Exercise requirements: Starting with the line that contains "commute with cube" and stopping after the line that contains "Lemma diag3_one : diag3 1 1 1 = 1%:M.", copy the entries below exactly. Include nothing else.

Source data
%%

(* The group $Fr(162\times 4)$ is not isomorphic to any group $C(n,a,b)$ ($n$ a positive integer, $a,b$ integers).
   Context: For a positive integer $n$ and integers $a,b$, let $\eta=e^{2i\pi/n}$, $F(n,a,b)=\mathrm{diag}(\eta^a,\eta^b,\eta^{-a-b})$, $E=\begin{pmatrix}0&1&0\\0&0&1\\1&0&0\end{pmatrix}$, and $C(n,a,b)=\langle F(n,a,b),E\rangle\subset SU(3)$. Let $\omega=e^{2i\pi/3}$, $J$ the antidiagonal matrix with antidiagonal entries $1$, $G_1=\mathrm{diag}(e^{7i\pi/9},-e^{4i\pi/9},-e^{7i\pi/9})$, $G_2=\begin{pmatrix}-\tfrac12 e^{4i\pi/9}&\tfrac{1}{\sqrt2}e^{7i\pi/9}&\tfrac12 e^{4i\pi/9}\\ \tfrac{1}{\sqrt2}e^{7i\pi/9}&0&\tfrac{1}{\sqrt2}e^{7i\pi/9}\\ \tfrac12 e^{4i\pi/9}&\tfrac{1}{\sqrt2}e^{7i\pi/9}&-\tfrac12 e^{4i\pi/9}\end{pmatrix}$, $FUM=-\omega J$, $Fr(162\times 4)=\langle G_1,G_2,FUM\rangle$. *)

From HB Require Import structures.
From mathcomp Require Import all_boot all_order all_algebra all_field.
Set Implicit Arguments. Unset Strict Implicit. Unset Printing Implicit Defensive.
Import Order.TTheory GRing.Theory Num.Theory.
Local Open Scope ring_scope.

Notation M3 := 'M[algC]_3.

(* e^{i pi / m}: the m-th root of -1 with maximal real part among those with
   nonnegative imaginary part (see rootC_Re_max). *)
Definition epi (m : nat) : algC := m.-root (-1).

Definition eta_ (n : nat) : algC := epi n ^+ 2.

Definition diag3 (x y z : algC) : M3 :=
  \matrix_(i < 3, j < 3)
    (if i == j then (if val i == 0%N then x else if val i == 1%N then y else z)
     else 0).

Definition mx3 (a00 a01 a02 a10 a11 a12 a20 a21 a22 : algC) : M3 :=
  \matrix_(i < 3, j < 3)
    (match val i, val j with
     | 0, 0 => a00 | 0, 1 => a01 | 0, _ => a02
     | 1, 0 => a10 | 1, 1 => a11 | 1, _ => a12
     | _, 0 => a20 | _, 1 => a21 | _, _ => a22 end)%N.

Definition Fmx (n : nat) (a b : int) : M3 :=
  diag3 (eta_ n ^ a) (eta_ n ^ b) (eta_ n ^ (- a - b)).

Definition Emx : M3 := mx3 0 1 0  0 0 1  1 0 0.

Inductive gen_group (gens : seq M3) : M3 -> Prop :=
  | gen_one : gen_group gens 1%:M
  | gen_base g : g \in gens -> gen_group gens g
  | gen_mul x y : gen_group gens x -> gen_group gens y -> gen_group gens (x *m y)
  | gen_inv x : gen_group gens x -> gen_group gens (invmx x).

Definition Cgrp (n : nat) (a b : int) : M3 -> Prop :=
  gen_group [:: Fmx n a b; Emx].

Definition omega : algC := epi 3 ^+ 2.
Definition Jmx : M3 := mx3 0 0 1  0 1 0  1 0 0.
Definition e79 : algC := epi 9 ^+ 7.
Definition e49 : algC := epi 9 ^+ 4.
Definition isq2 : algC := (sqrtC 2)^-1.
Definition G1 : M3 := diag3 e79 (- e49) (- e79).
Definition G2 : M3 :=
  mx3 (- (2^-1 * e49)) (isq2 * e79) (2^-1 * e49)
      (isq2 * e79)     0            (isq2 * e79)
      (2^-1 * e49)     (isq2 * e79) (- (2^-1 * e49)).
Definition FUM : M3 := - (omega *: Jmx).

Definition Fr162x4 : M3 -> Prop := gen_group [:: G1; G2; FUM].

Definition grp_isomorphic (P Q : M3 -> Prop) : Prop :=
  exists f : M3 -> M3,
    [/\ forall x, P x -> Q (f x),
        forall x y, P x -> P y -> f x = f y -> x = y,
        forall y, Q y -> exists2 x, P x & f x = y
      & forall x y, P x -> P y -> f (x *m y) = f x *m f y].

From HB Require Import structures.
From mathcomp Require Import all_boot all_order all_algebra all_field.
From mathcomp Require Import ring.
Import GRing.Theory Num.Theory.
Local Open Scope ring_scope.

(* Every element of C(n,a,b) = <F, E> has the form D E^k with D
   an invertible diagonal matrix: diagonal matrices are normalised by the
   cyclic permutation matrix E, so the set of such "E-monomial" matrices is
   closed under products and inverses, and contains F and E.  Since E^3 = 1,
   the cube of D E^k is again diagonal, so any two cubes in C(n,a,b) commute.
   This property is invariant under group isomorphism.  In Fr(162 x 4),
   however, cube G1 (diagonal with distinct first and last entries) does not
   commute with cube FUM (a scalar multiple of the antidiagonal J), which
   proves the theorem. *)

(* Entrywise verification of an identity between explicit 3x3 matrices. *)
Ltac mx3_ext :=
  apply/matrixP; case=> [[|[|[|?]]] ?] //; case=> [[|[|[|?]]] ?] //;
  do 3 (rewrite ?mxE ?big_ord_recr ?big_ord0 /= ?mxE); rewrite -?val_eqE /=;
  try ring.

Lemma diag3_mul x y z u v w :
  diag3 x y z *m diag3 u v w = diag3 (x * u) (y * v) (z * w).
Proof. by mx3_ext. Qed.

Lemma diag3_one : diag3 1 1 1 = 1%:M.
Proof. by mx3_ext. Qed.

Lemma Emx_diag3 x y z : Emx *m diag3 x y z = diag3 y z x *m Emx.
Proof. by mx3_ext. Qed.

Lemma Emx_cube : Emx *m (Emx *m Emx) = 1%:M.
Proof. by mx3_ext. Qed.

Lemma Jmx_diag3 x y z : Jmx *m diag3 x y z = diag3 z y x *m Jmx.
Proof. by mx3_ext. Qed.

Lemma diag3_Jmx_02 x y z : (diag3 x y z *m Jmx) 0 2 = x.
Proof. rewrite !mxE !big_ord_recr big_ord0 /= !mxE /=; ring. Qed.

Lemma epi_neq0 {m} : (0 < m)%N -> epi m != 0.
Proof.
move=> m_gt0; apply/eqP=> epi0; have := rootCK m_gt0 (-1 : algC).
rewrite -/(epi m) epi0 expr0n gtn_eqF // => /eqP.
by rewrite eq_sym oppr_eq0 oner_eq0.
Qed.

Definition unit_diag (D : M3) : Prop :=
  exists x y z, [/\ x != 0, y != 0, z != 0 & D = diag3 x y z].

Lemma unit_diag_mul D1 D2 : unit_diag D1 -> unit_diag D2 -> unit_diag (D1 *m D2).
Proof.
move=> [x [y [z [x0 y0 z0 ->]]]] [u [v [w [u0 v0 w0 ->]]]].
by exists (x * u), (y * v), (z * w); split; rewrite ?mulf_neq0 ?diag3_mul.
Qed.

Lemma unit_diag_comm D1 D2 : unit_diag D1 -> unit_diag D2 -> D1 *m D2 = D2 *m D1.
Proof.
move=> [x [y [z [_ _ _ ->]]]] [u [v [w [_ _ _ ->]]]].
by rewrite !diag3_mul (mulrC x) (mulrC y) (mulrC z).
Qed.

Fixpoint Epow (k : nat) : M3 := if k is k'.+1 then Emx *m Epow k' else 1%:M.

Lemma EpowD k l : Epow (k + l) = Epow k *m Epow l.
Proof. by elim: k => [|k IH] /=; rewrite ?mul1mx // IH mulmxA. Qed.

Lemma Epow_3mul k : Epow (k + k + k) = 1%:M.
Proof.
have -> : (k + k + k = 3 * k)%N by rewrite !mulSn mul0n addn0 addnA.
by elim: k => [|k IH] //; rewrite mulnS EpowD IH mulmx1 /= mulmx1 Emx_cube.
Qed.

Lemma Epow_unit_diag k D :
  unit_diag D -> exists2 D', unit_diag D' & Epow k *m D = D' *m Epow k.
Proof.
elim: k D => [|k IH] D uD /=; first by exists D; rewrite ?mul1mx ?mulmx1.
have [_ [x [y [z [x0 y0 z0 ->]]]] eD] := IH D uD.
exists (diag3 y z x); first by exists y, z, x.
by rewrite -mulmxA eD mulmxA Emx_diag3 mulmxA.
Qed.

Definition Emonomial (k : nat) (M : M3) : Prop :=
  exists2 D, unit_diag D & M = D *m Epow k.

Lemma Emonomial_mul {k l M N} :
  Emonomial k M -> Emonomial l N -> Emonomial (k + l) (M *m N).
Proof.
move=> [D uD ->] [D2 uD2 ->].
have [D3 uD3 eD] := @Epow_unit_diag k D2 uD2.
exists (D *m D3); first exact: unit_diag_mul.
by rewrite EpowD -!mulmxA (mulmxA (Epow k)) eD -!mulmxA.
Qed.

(* (D E^k)^-1 = E^(2k) D^-1, since E^(3k) = 1. *)
Lemma Emonomial_inv k M : Emonomial k M -> Emonomial (k + k) (invmx M).
Proof.
move=> [D [x [y [z [x0 y0 z0 eD]]]] ->].
set Di := diag3 x^-1 y^-1 z^-1.
have uDi : unit_diag Di by exists x^-1, y^-1, z^-1; rewrite !invr_eq0.
have right_inv : D *m Epow k *m (Epow (k + k) *m Di) = 1%:M.
  rewrite -mulmxA (mulmxA (Epow k)) -EpowD addnA Epow_3mul.
  by rewrite mul1mx eD diag3_mul !mulfV // diag3_one.
have [unitM _] := mulmx1_unit right_inv.
have -> : invmx (D *m Epow k) = Epow (k + k) *m Di.
  by rewrite -[invmx _]mulmx1 -right_inv (mulmxA (invmx _) (D *m Epow k)) mulVmx // mul1mx.
by have [D' uD' ->] := @Epow_unit_diag (k + k) Di uDi; exists D'.
Qed.

Lemma Cgrp_Emonomial {n a b M} : (0 < n)%N -> Cgrp n a b M -> exists k, Emonomial k M.
Proof.
move=> n_gt0; elim=> [|g|x y _ [k Mx] _ [l My]|x _ [k Mx]].
- by exists 0%N, 1%:M; rewrite ?mulmx1 //; exists 1, 1, 1; rewrite oner_eq0 diag3_one.
- rewrite !inE => /orP[/eqP-> | /eqP->].
  + exists 0%N, (Fmx n a b); rewrite /= ?mulmx1 //.
    have eta0 : eta_ n != 0 by rewrite expf_neq0 // epi_neq0.
    by exists (eta_ n ^ a), (eta_ n ^ b), (eta_ n ^ (- a - b)); rewrite !expfz_neq0.
  + exists 1%N, 1%:M; first by exists 1, 1, 1; rewrite oner_eq0 diag3_one.
    by rewrite mul1mx /= mulmx1.
- by exists (k + l)%N; exact: Emonomial_mul.
- by exists (k + k)%N; exact: Emonomial_inv.
Qed.

Definition cube (M : M3) : M3 := M *m M *m M.

(* The cube of D E^k is the diagonal matrix D D' D'' E^(3k) = D D' D''. *)
Lemma Emonomial_cube {k M} : Emonomial k M -> unit_diag (cube M).
Proof.
move=> Mk; have [D uD eM] := Emonomial_mul (Emonomial_mul Mk Mk) Mk.
by rewrite /cube eM Epow_3mul mulmx1.
Qed.

Lemma Cgrp_cubes_commute {n a b} : (0 < n)%N -> forall x y,
  Cgrp n a b x -> Cgrp n a b y -> cube x *m cube y = cube y *m cube x.
Proof.
move=> n_gt0 x y /(Cgrp_Emonomial n_gt0) [k xk] /(Cgrp_Emonomial n_gt0) [l yl].
exact: unit_diag_comm (Emonomial_cube xk) (Emonomial_cube yl).
Qed.

(* In Fr(162 x 4), the cubes of G1 and FUM do not commute: their products in
   the two orders differ by the factor e79^3 / (-e79)^3 = -1 at entry (0,2). *)
Lemma Fr_cubes_noncommute : cube G1 *m cube FUM != cube FUM *m cube G1.
Proof.
set c := - omega.
have cubeFUM : cube FUM = diag3 (c * c * c) (c * c * c) (c * c * c) *m Jmx.
  by rewrite /cube /FUM /c; mx3_ext.
have cubeG1 : cube G1 = diag3 (e79 * e79 * e79) (- e49 * - e49 * - e49)
                              (- e79 * - e79 * - e79).
  by rewrite /cube /G1 !diag3_mul.
rewrite cubeFUM cubeG1 mulmxA diag3_mul -mulmxA Jmx_diag3 mulmxA diag3_mul.
apply/eqP=> /(congr1 (fun M : M3 => M 0 2)); rewrite !diag3_Jmx_02 => e02.
have : (e79 * e79 * e79 * (c * c * c)) *+ 2 = 0 by rewrite mulr2n {2}e02; ring.
move/eqP; rewrite mulrn_eq0 /= !mulf_eq0 /c oppr_eq0 /omega /e79 !expf_eq0 /=.
by rewrite (negbTE (@epi_neq0 9 isT)) (negbTE (@epi_neq0 3 isT)).
Qed.

Lemma iso_cubes_commute {gens} {Q : M3 -> Prop} {x y} :
  grp_isomorphic (gen_group gens) Q ->
  (forall u v, Q u -> Q v -> cube u *m cube v = cube v *m cube u) ->
  gen_group gens x -> gen_group gens y -> cube x *m cube y = cube y *m cube x.
Proof.
move=> [f [fQ f_inj _ fM]] Qcubes Px Py.
have Pcube u : gen_group gens u -> gen_group gens (cube u).
  by move=> Pu; do 2 apply: gen_mul => //.
have f_cube u : gen_group gens u -> f (cube u) = cube (f u).
  by move=> Pu; rewrite /cube !fM //; apply: gen_mul.
apply: f_inj; try by apply: gen_mul; apply: Pcube.
rewrite (fM _ _ (Pcube _ Px) (Pcube _ Py)) (fM _ _ (Pcube _ Py) (Pcube _ Px)).
rewrite !f_cube //; apply: Qcubes; exact: fQ.
Qed.

Theorem theorem11 (n : nat) (a b : int) :
  (0 < n)%N -> ~ grp_isomorphic Fr162x4 (Cgrp n a b).
Proof.
move=> n_gt0 iso; move/negP: Fr_cubes_noncommute; apply; apply/eqP.
have FrG1 : Fr162x4 G1 by apply: gen_base; rewrite !inE eqxx.
have FrFUM : Fr162x4 FUM by apply: gen_base; rewrite !inE eqxx !orbT.
exact: (iso_cubes_commute iso (Cgrp_cubes_commute n_gt0) FrG1 FrFUM).
Qed.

%%

Task result:
   commute with cube FUM (a scalar multiple of the antidiagonal J), which
   proves the theorem. *)

(* Entrywise verification of an identity between explicit 3x3 matrices. *)
Ltac mx3_ext :=
  apply/matrixP; case=> [[|[|[|?]]] ?] //; case=> [[|[|[|?]]] ?] //;
  do 3 (rewrite ?mxE ?big_ord_recr ?big_ord0 /= ?mxE); rewrite -?val_eqE /=;
  try ring.

Lemma diag3_mul x y z u v w :
  diag3 x y z *m diag3 u v w = diag3 (x * u) (y * v) (z * w).
Proof. by mx3_ext. Qed.

Lemma diag3_one : diag3 1 1 1 = 1%:M.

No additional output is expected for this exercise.